To determine dental eruption sequences of extant platyrrhines, 367 mandibles and maxillae of informative juvenile specimens from all 16 genera were scored for presence of permanent teeth including three intermediate eruption stages following Harvati (Am J Phys Anthropol 112 (2000) 69-85). The timing of molar eruption relative to that of the anterior dentition is variable in platyrrhines. Aotus is precocious, with all molars erupting in succession before replacement of any deciduous teeth, while Cebus is delayed in M2-3 eruption relative to I1-2. Callitrichines have a distinct tendency toward delayed canine and premolar development. Platyrrhine eruption sequences presented here show some evidence of conformity to Schultz's Rule, with relatively early replacement of deciduous dentition in "slower"-growing animals. The relationship of dental eruption sequences to degree of folivory, body mass, brain mass, and dietary quality is also examined. The early eruption of molars relative to anterior teeth in Pithecia, Chiropotes, and Cacajao, in comparison to genera such as Ateles, Lagothrix, and Alouatta, showing relatively later eruption of the molars, appears to be consistent with current phylogenetic hypotheses. Schultz (Am J Phys Anthropol 19 (1935) 489-581) postulated early relative molar eruption as the primitive dental eruption schedule for primates. The extremely early molar eruption of Aotus versus Callicebus (where both incisors erupt before M2 and M3, with M3 usually last) may lend support to the status of Aotus as a basal taxon. The early relative molar eruption of the fossil platyrrhine species Branisella boliviana is also consistent with this hypothesis (Takai et al.: Am J Phys Anthropol 111 (2000) 263-281).     

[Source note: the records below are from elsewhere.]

Lemma attractor_branch K c d q : is_attractor K -> ifs_branch c d -> K q ->
  K ((fst q + c) / 2, (snd q + d) / 2).
Proof.
  intros HK Hcd Hq. apply HK.
  destruct Hcd as [[-> ->] | [[-> ->] | [-> [m [Hm ->]]]]].
  - left. exists q. split; [exact Hq |]. unfold Umap. f_equal; lra.
  - right; left. exists q. split; [exact Hq |]. unfold D0. f_equal; lra.
  - right; right. exists 0%nat, m. split; [exact Hm |].
    exists q. split; [exact Hq |]. unfold Dkn. f_equal; lra.
Qed.

Fixpoint dyadic_sum (c : nat -> R) (N : nat) : R :=
  match N with
  | O => 0
  | S n => dyadic_sum c n + c n * (1/2)^(S n)
  end.

Lemma dyadic_sum_zero N : dyadic_sum (fun _ => 0) N = 0.
Proof. induction N as [|N IH]; simpl; [reflexivity | rewrite IH; ring]. Qed.

Lemma dyadic_sum_ext c c' N : (forall j, (j < N)%nat -> c j = c' j) ->
  dyadic_sum c N = dyadic_sum c' N.
Proof.
  induction N as [|N IH]; intros H; simpl; [reflexivity |].
  rewrite IH by (intros; apply H; lia). rewrite H by lia. reflexivity.
Qed.

Lemma attractor_dyadic_sum K c d N q : is_attractor K -> K q ->
  (forall j, (j < N)%nat -> ifs_branch (c j) (d j)) ->
  K (dyadic_sum c N + fst q * (1/2)^N, dyadic_sum d N + snd q * (1/2)^N).
Proof.
  intros HK. revert q. induction N as [|N IH]; intros q Hq Hcd.
  - destruct q as [q1 q2]. simpl. replace (0 + q1 * 1) with q1 by ring.
    replace (0 + q2 * 1) with q2 by ring. exact Hq.
  - set (q' := ((fst q + c N) / 2, (snd q + d N) / 2)).
    assert (Hq' : K q') by (apply attractor_branch; auto).
    specialize (IH q' Hq' ltac:(intros; apply Hcd; lia)).
    match goal with |- K ?p => replace p with
      (dyadic_sum c N + fst q' * (1/2)^N, dyadic_sum d N + snd q' * (1/2)^N) end;
      [exact IH | simpl; f_equal; field].
Qed.

Definition bfloor (y : R) (n : nat) : Z := Int_part (2^n * y).

Definition bdigit (y : R) (n : nat) : R := IZR (bfloor y (S n)) - 2 * IZR (bfloor y n).

Lemma bfloor_spec y n : IZR (bfloor y n) <= 2^n * y < IZR (bfloor y n) + 1.
Proof. unfold bfloor. destruct (base_Int_part (2^n * y)). lra. Qed.

Lemma bfloor_scaled y n :
  IZR (bfloor y n) * (1/2)^n <= y < IZR (bfloor y n) * (1/2)^n + (1/2)^n.
Proof.
  pose proof (bfloor_spec y n) as [Hlo Hhi]. pose proof (half_pow_pos n) as Hh.
  pose proof (two_pow_half_pow n) as E.
  assert (Ey : 2^n * y * (1/2)^n = y)
    by (replace (2^n * y * (1/2)^n) with (y * (2^n * (1/2)^n)) by ring; rewrite E; ring).
  split; nra.
Qed.

Lemma bfloor_nonneg y n : 0 <= y -> (0 <= bfloor y n)%Z.
Proof.
  intros Hy. pose proof (bfloor_spec y n) as [_ Hhi].
  assert (0 <= 2^n * y) by (apply Rmult_le_pos; [apply pow_le |]; lra).
  assert (Hgt : (-1 < bfloor y n)%Z) by (apply lt_IZR; lra).
  lia.
Qed.

Lemma bdigit_01 y n : bdigit y n = 0 \/ bdigit y n = 1.
Proof.
  pose proof (bfloor_spec y n). pose proof (bfloor_spec y (S n)).
  replace (2 ^ S n * y) with (2 * (2^n * y)) in * by (simpl; ring).
  unfold bdigit. rewrite <- mult_IZR, <- minus_IZR.
  assert (Hlo : (-1 < bfloor y (S n) - 2 * bfloor y n)%Z)
    by (apply lt_IZR; rewrite minus_IZR, mult_IZR; lra).
  assert (Hhi : (bfloor y (S n) - 2 * bfloor y n < 2)%Z)
    by (apply lt_IZR; rewrite minus_IZR, mult_IZR; lra).
  assert (H01 : (bfloor y (S n) - 2 * bfloor y n = 0 \/ bfloor y (S n) - 2 * bfloor y n = 1)%Z)
    by lia.
  destruct H01 as [-> | ->]; [left | right]; reflexivity.
Qed.

Lemma dyadic_sum_bdigit y N : 0 <= y < 1 ->
  dyadic_sum (bdigit y) N = IZR (bfloor y N) * (1/2)^N.
Proof.
  intros Hy. induction N as [|N IH].
  - pose proof (bfloor_spec y 0) as Hb. simpl in Hb |- *.
    assert (E : bfloor y 0 = 0%Z)
      by (assert (-1 < bfloor y 0 < 1)%Z by (split; apply lt_IZR; lra); lia).
    rewrite E. ring.
  - simpl dyadic_sum. rewrite IH. unfold bdigit. simpl. field.
Qed.

Lemma bfloor_ones_run y L h : (forall i, (i < h)%nat -> bdigit y (L + i) = 1) ->
  IZR (bfloor y (L + h)) = 2^h * (IZR (bfloor y L) + 1) - 1.
Proof.
  induction h as [|h IH]; intros Hones.
  - rewrite Nat.add_0_r. simpl. ring.
  - pose proof (Hones h ltac:(lia)) as Hd. unfold bdigit in Hd.
    rewrite IH in Hd by (intros; apply Hones; lia).
    rewrite Nat.add_succ_r. simpl. lra.
Qed.

Lemma unit_fraction_step r s : 0 < r -> 0 < s ->
  exists m, (1 <= m)%nat /\ 0 <= r - s * t 0 m <= r * r / s.
Proof.
  intros Hr Hs. destruct (archimed (s / r)) as [Hup1 Hup2].
  set (M := up (s / r)) in *.
  assert (Hsr : 0 < s / r) by (apply Rdiv_lt_0_compat; lra).
  assert (HM : (1 <= M)%Z) by (apply Z.lt_pred_le, lt_IZR; rewrite <- Z.sub_1_r, minus_IZR; lra).
  exists (Z.to_nat M). split; [lia |].
  unfold t. rewrite INR_IZR_INZ, Z2Nat.id by lia. simpl pow.
  assert (Hlo : s < IZR M * r)
    by (apply (Rmult_lt_compat_r r) in Hup1; [| lra]; field_simplify in Hup1; lra).
  assert (Hhi : (IZR M - 1) * r <= s)
    by (apply (Rmult_le_compat_r r) in Hup2; [| lra]; field_simplify in Hup2; lra).
  assert (HMpos : 0 < IZR M) by nra.
  replace (r - s * (1 / (1 * IZR M))) with ((IZR M * r - s) / IZR M) by (field; lra).
  split.
  - apply Rmult_le_pos; [lra | left; apply Rinv_0_lt_compat; lra].
  - apply Rmult_le_reg_r with (IZR M * s); [nra |].
    field_simplify; [nra | lra | lra].
Qed.

Lemma greedy_step s e e' r : 0 < s -> 0 <= e' -> e * e <= s * e' -> 0 <= r <= e ->
  exists c, (c = 0 \/ exists m, (1 <= m)%nat /\ c = t 0 m) /\ 0 <= r - s * c <= e'.
Proof.
  intros Hs He' Hee Hr.
  destruct (Rle_lt_dec r e') as [Hle | Hlt].
  - exists 0. split; [left; reflexivity | lra].
  - destruct (unit_fraction_step r s ltac:(lra) Hs) as [m [Hm Hrm]].
    exists (t 0 m). split; [right; exists m; auto |].
    assert (r * r / s <= e') by (apply Rmult_le_reg_r with s; [lra |]; field_simplify; nra).
    lra.
Qed.

Definition short_runs_from (y : R) (J : nat) : Prop :=
  forall j, (J <= j)%nat ->
    exists z, (j < z)%nat /\ (2 * z <= 3 * j + 1)%nat /\ bdigit y z = 0.

Definition first_zero_from (y : R) (N z : nat) : Prop :=
  (N <= z)%nat /\ bdigit y z = 0 /\ forall j, (N <= j < z)%nat -> bdigit y j = 1.

Lemma first_zero_from_unique y N z z' :
  first_zero_from y N z -> first_zero_from y N z' -> z = z'.
Proof.
  intros [Hz [Hz0 Hz1]] [Hz' [Hz'0 Hz'1]].
  destruct (Nat.lt_trichotomy z z') as [H | [H | H]]; [| exact H |].
  - specialize (Hz'1 z ltac:(lia)). lra.
  - specialize (Hz1 z' ltac:(lia)). lra.
Qed.

Lemma first_zero_from_exists y N z : (N <= z)%nat -> bdigit y z = 0 ->
  exists z0, first_zero_from y N z0.
Proof.
  induction z as [z IH] using (well_founded_induction lt_wf). intros Hz Hd.
  destruct (classic (exists j, (N <= j < z)%nat /\ bdigit y j = 0)) as [[j [Hj Hdj]] | Hnone].
  - apply (IH j ltac:(lia)); [lia | exact Hdj].
  - exists z. repeat split; [exact Hz | exact Hd |].
    intros j Hj. destruct (bdigit_01 y j) as [E | E]; [| exact E].
    exfalso. apply Hnone. exists j. auto.
Qed.

Definition greedy_radius (z : nat) : R := (1/2)^(2 * z + 2).

Definition branches_along (y : R) (c : nat -> R) (N : nat) : Prop :=
  forall j, (j < N)%nat -> ifs_branch (c j) (bdigit y j).

Definition extend (c : nat -> R) (N : nat) (v : R) : nat -> R :=
  fun j => if Nat.eqb j N then v else c j.

Lemma dyadic_sum_extend c N v :
  dyadic_sum (extend c N v) (S N) = dyadic_sum c N + v * (1/2)^(S N).
Proof.
  simpl. unfold extend at 2. rewrite Nat.eqb_refl.
  rewrite (dyadic_sum_ext _ c); [reflexivity |].
  intros j Hj. unfold extend. destruct (Nat.eqb_spec j N); [lia | reflexivity].
Qed.

Lemma branches_along_extend y c N v : branches_along y c N ->
  ifs_branch v (bdigit y N) -> branches_along y (extend c N v) (S N).
Proof.
  intros Hc Hv j Hj. unfold extend. destruct (Nat.eqb_spec j N) as [-> | Hne].
  - exact Hv.
  - apply Hc. lia.
Qed.

Lemma greedy_zero_digit y x c N z : bdigit y N = 0 -> (2 * z <= 3 * N + 1)%nat ->
  branches_along y c N -> 0 <= x - dyadic_sum c N <= greedy_radius N ->
  exists c', branches_along y c' (S N) /\ 0 <= x - dyadic_sum c' (S N) <= greedy_radius z.
Proof.
  intros Hd Hz Hc Hr.
  destruct (greedy_step ((1/2)^(S N)) (greedy_radius N) (greedy_radius z) (x - dyadic_sum c N))
    as [v [Hv Hvr]]; [apply half_pow_pos | left; apply half_pow_pos | | exact Hr |].
  - unfold greedy_radius. rewrite <- !pow_add. apply half_pow_le. lia.
  - exists (extend c N v). split.
    + apply branches_along_extend; [exact Hc |]. rewrite Hd.
      destruct Hv as [-> | Hm]; unfold ifs_branch; auto.
    + rewrite dyadic_sum_extend. lra.
Qed.

Lemma greedy_approximation y J z0 x :
  short_runs_from y J -> first_zero_from y J z0 -> 0 <= x <= greedy_radius z0 ->
  forall N z, (J <= N)%nat -> first_zero_from y N z ->
  exists c, branches_along y c N /\ 0 <= x - dyadic_sum c N <= greedy_radius z.
Proof.
  intros Hruns Hz0 Hx N z HN. revert z. induction HN as [| N HN IH]; intros z Hz.
  - rewrite (first_zero_from_unique _ _ _ _ Hz Hz0).
    exists (fun _ => 0). split; [| rewrite dyadic_sum_zero; lra].
    intros j _. unfold ifs_branch. destruct (bdigit_01 y j) as [-> | ->]; auto.
  - destruct (bdigit_01 y N) as [Hd | Hd].
    + destruct (IH N ltac:(split; [lia | split; [exact Hd | intros; lia]])) as [c [Hc Hr]].
      destruct (Hruns N HN) as [w [Hw [Hw2 Hw0]]].
      assert (Hzw : (z <= w)%nat).
      { destruct Hz as [_ [_ Hz1]]. destruct (le_lt_dec z w) as [Hle | Hlt]; [exact Hle |].
        specialize (Hz1 w ltac:(lia)). lra. }
      apply (greedy_zero_digit y x c N z Hd ltac:(lia) Hc Hr).
    + assert (HzN : first_zero_from y N z).
      { destruct Hz as [Hz [Hz0' Hz1]]. repeat split; [lia | exact Hz0' |].
        intros j Hj. destruct (Nat.eq_dec j N) as [-> | Hne]; [exact Hd | apply Hz1; lia]. }
      destruct (IH z HzN) as [c [Hc Hr]].
      exists (extend c N 0). split.
      * apply branches_along_extend; [exact Hc |]. rewrite Hd. left; auto.
      * rewrite dyadic_sum_extend. lra.
Qed.

Lemma dyadic_point_dist1 c d N q x y :
  0 <= x - dyadic_sum c N <= (1/2)^N -> 0 <= y - dyadic_sum d N <= (1/2)^N ->
  dist1 (dyadic_sum c N + fst q * (1/2)^N, dyadic_sum d N + snd q * (1/2)^N) (x, y)
    <= (2 + Rabs (fst q) + Rabs (snd q)) * (1/2)^N.
Proof.
  intros Hx Hy. unfold dist1; simpl. pose proof (half_pow_pos N) as Hh.
  pose proof (Rabs_triang (fst q * (1/2)^N) (- (x - dyadic_sum c N))) as Tx.
  pose proof (Rabs_triang (snd q * (1/2)^N) (- (y - dyadic_sum d N))) as Ty.
  rewrite Rabs_Ropp, Rabs_mult, (Rabs_pos_eq ((1/2)^N)), (Rabs_pos_eq (x - _)) in Tx by lra.
  rewrite Rabs_Ropp, Rabs_mult, (Rabs_pos_eq ((1/2)^N)), (Rabs_pos_eq (y - _)) in Ty by lra.
  replace (dyadic_sum c N + fst q * (1/2)^N - x)
    with (fst q * (1/2)^N + - (x - dyadic_sum c N)) by ring.
  replace (dyadic_sum d N + snd q * (1/2)^N - y)
    with (snd q * (1/2)^N + - (y - dyadic_sum d N)) by ring.
  lra.
Qed.

Lemma fibre_contains_interval K y J : (exists p, K p) -> compact2 K -> is_attractor K ->
  0 <= y < 1 -> short_runs_from y J ->
  exists a b, a < b /\ forall x, a <= x <= b -> K (x, y).
Proof.
  intros [p HKp] HKc HKa Hy Hruns.
  destruct (Hruns J (le_n J)) as [w [Hw [_ Hw0]]].
  destruct (first_zero_from_exists y J w ltac:(lia) Hw0) as [z0 Hz0].
  exists 0, (greedy_radius z0). split; [apply half_pow_pos |].
  intros x Hx. apply compact2_closed; [exact HKc |]. intros eps Heps.
  set (C := 2 + Rabs (fst p) + Rabs (snd p)).
  assert (HC : 0 < C)
    by (unfold C; pose proof (Rabs_pos (fst p)); pose proof (Rabs_pos (snd p)); lra).
  destruct (half_pow_small (eps / C)) as [N0 HN0]; [apply Rdiv_lt_0_compat; lra |].
  set (N := Nat.max J N0).
  destruct (Hruns N ltac:(lia)) as [v [Hv [_ Hv0]]].
  destruct (first_zero_from_exists y N v ltac:(lia) Hv0) as [z Hz].
  destruct (greedy_approximation y J z0 x Hruns Hz0 Hx N z ltac:(lia) Hz) as [c [Hc Hr]].
  eexists; split; [exact (attractor_dyadic_sum K c (bdigit y) N p HKa HKp Hc) |].
  apply Rle_lt_trans with (C * (1/2)^N).
  - apply dyadic_point_dist1.
    + assert (greedy_radius z <= (1/2)^N) by (apply half_pow_le; destruct Hz; lia). lra.
    + rewrite dyadic_sum_bdigit by exact Hy. pose proof (bfloor_scaled y N). lra.
  - replace eps with (C * (eps / C)) by (field; lra).
    apply Rmult_lt_compat_l; [lra | apply HN0; lia].
Qed.

Fixpoint sum_below (f : nat -> R) (M : nat) : R :=
  match M with
  | O => 0
  | S k => sum_below f k + f k
  end.

Lemma sum_f_R0_sum_below f P : sum_f_R0 f P = sum_below f (S P).
Proof. induction P as [|P IH]; simpl; [ring | rewrite IH; reflexivity]. Qed.

Lemma sum_below_const_block f a n v : (forall i, (i < n)%nat -> f (a + i)%nat = v) ->
  sum_below f (a + n) = sum_below f a + INR n * v.
Proof.
  induction n as [|n IH]; intros Hf.
  - rewrite Nat.add_0_r. simpl. ring.
  - rewrite Nat.add_succ_r. simpl sum_below. rewrite IH by (intros; apply Hf; lia).
    rewrite Hf by lia. rewrite S_INR. ring.
Qed.

Lemma sum_below_le f a b : (forall n, 0 <= f n) -> (a <= b)%nat ->
  sum_below f a <= sum_below f b.
Proof.
  intros Hf Hab. induction Hab as [| b Hab IH]; [lra |]. simpl. pose proof (Hf b). lra.
Qed.

Definition level_len (Kp L : nat) : R :=
  if Nat.ltb L (2 * Kp) then 0 else (1/2)^(L + Nat.div2 L).

(* Index n = 2^L + m (m < 2^L) stands for the y whose first L binary digits
   spell m and whose next L/2 digits are all 1; index 0 covers y = 1, and the
   levels L < 2 Kp are left empty. *)
Definition cover_len (Kp n : nat) : R :=
  if Nat.eqb n 0 then 0 else level_len Kp (Nat.log2 n).

Definition cover_left (Kp n : nat) : R :=
  if Nat.eqb n 0 then 1 else
  let L := Nat.log2 n in
  if Nat.ltb L (2 * Kp) then 0
  else (2^(Nat.div2 L) * (INR (n - 2^L) + 1) - 1) * (1/2)^(L + Nat.div2 L).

Phase II jaw movements and masseter muscle activity during chewing in Papio anubis

It was proposed that the power stroke in primates has two distinct periods of occlusal contact, each with a characteristic motion of the mandibular molars relative to the maxillary molars. The two movements are called phase I and phase II, and they occur sequentially in that order (Kay and Hiiemae [1974] Am J. Phys. Anthropol. 40:227-256, Kay and Hiiemae [1974] Prosimian Biology, Pittsburgh: University of Pittsburgh Press, p. 501-530). Phase I movement is said to be associated with shearing along a series of crests, producing planar phase I facets and crushing on surfaces on the basins of the molars. Phase I terminates in centric occlusion. Phase II movement is said to be associated with grinding along the same surfaces that were used for crushing at the termination of phase I. Hylander et al. ([1987] Am J. Phys. Anthropol. 72:287-312; see also Hiiemae [1984] Food Acquisition and Processing, London: Academic Press, p. 257-281; Hylander and Crompton [1980] Am J. Phys. Anthropol. 52:239-251, [1986] Arch. Oral. Biol. 31:841-848) analyzed data on macaques and suggested that phase II movement may not be nearly as significant for food breakdown as phase I movement simply because, based on the magnitude of mandibular bone strain patterns, adductor muscle and occlusal forces are likely negligible during movement out of centric occlusion. Our goal is to better understand the functional significance of phase II movement within the broader context of masticatory kinematics during the power stroke. We analyze vertical and transverse mandibular motion and relative activity of the masseter and temporalis muscles during phase I and II movements in Papio anubis. We test whether significant muscle activity and, by inference, occlusal force occurs during phase II movement. We find that during phase II movement, there is negligible force developed in the superficial and deep masseter and the anterior and posterior temporalis muscles. Furthermore, mandibular movements are small during phase II compared to phase I. These results suggest that grinding during phase II movement is of minimal importance for food breakdown, and that most food breakdown on phase II facets occurs primarily at the end of phase I movement (i.e., crushing during phase I movement). We note, however, that depending on the orientation of phase I facets, significant grinding also occurs along phase I facets during phase I.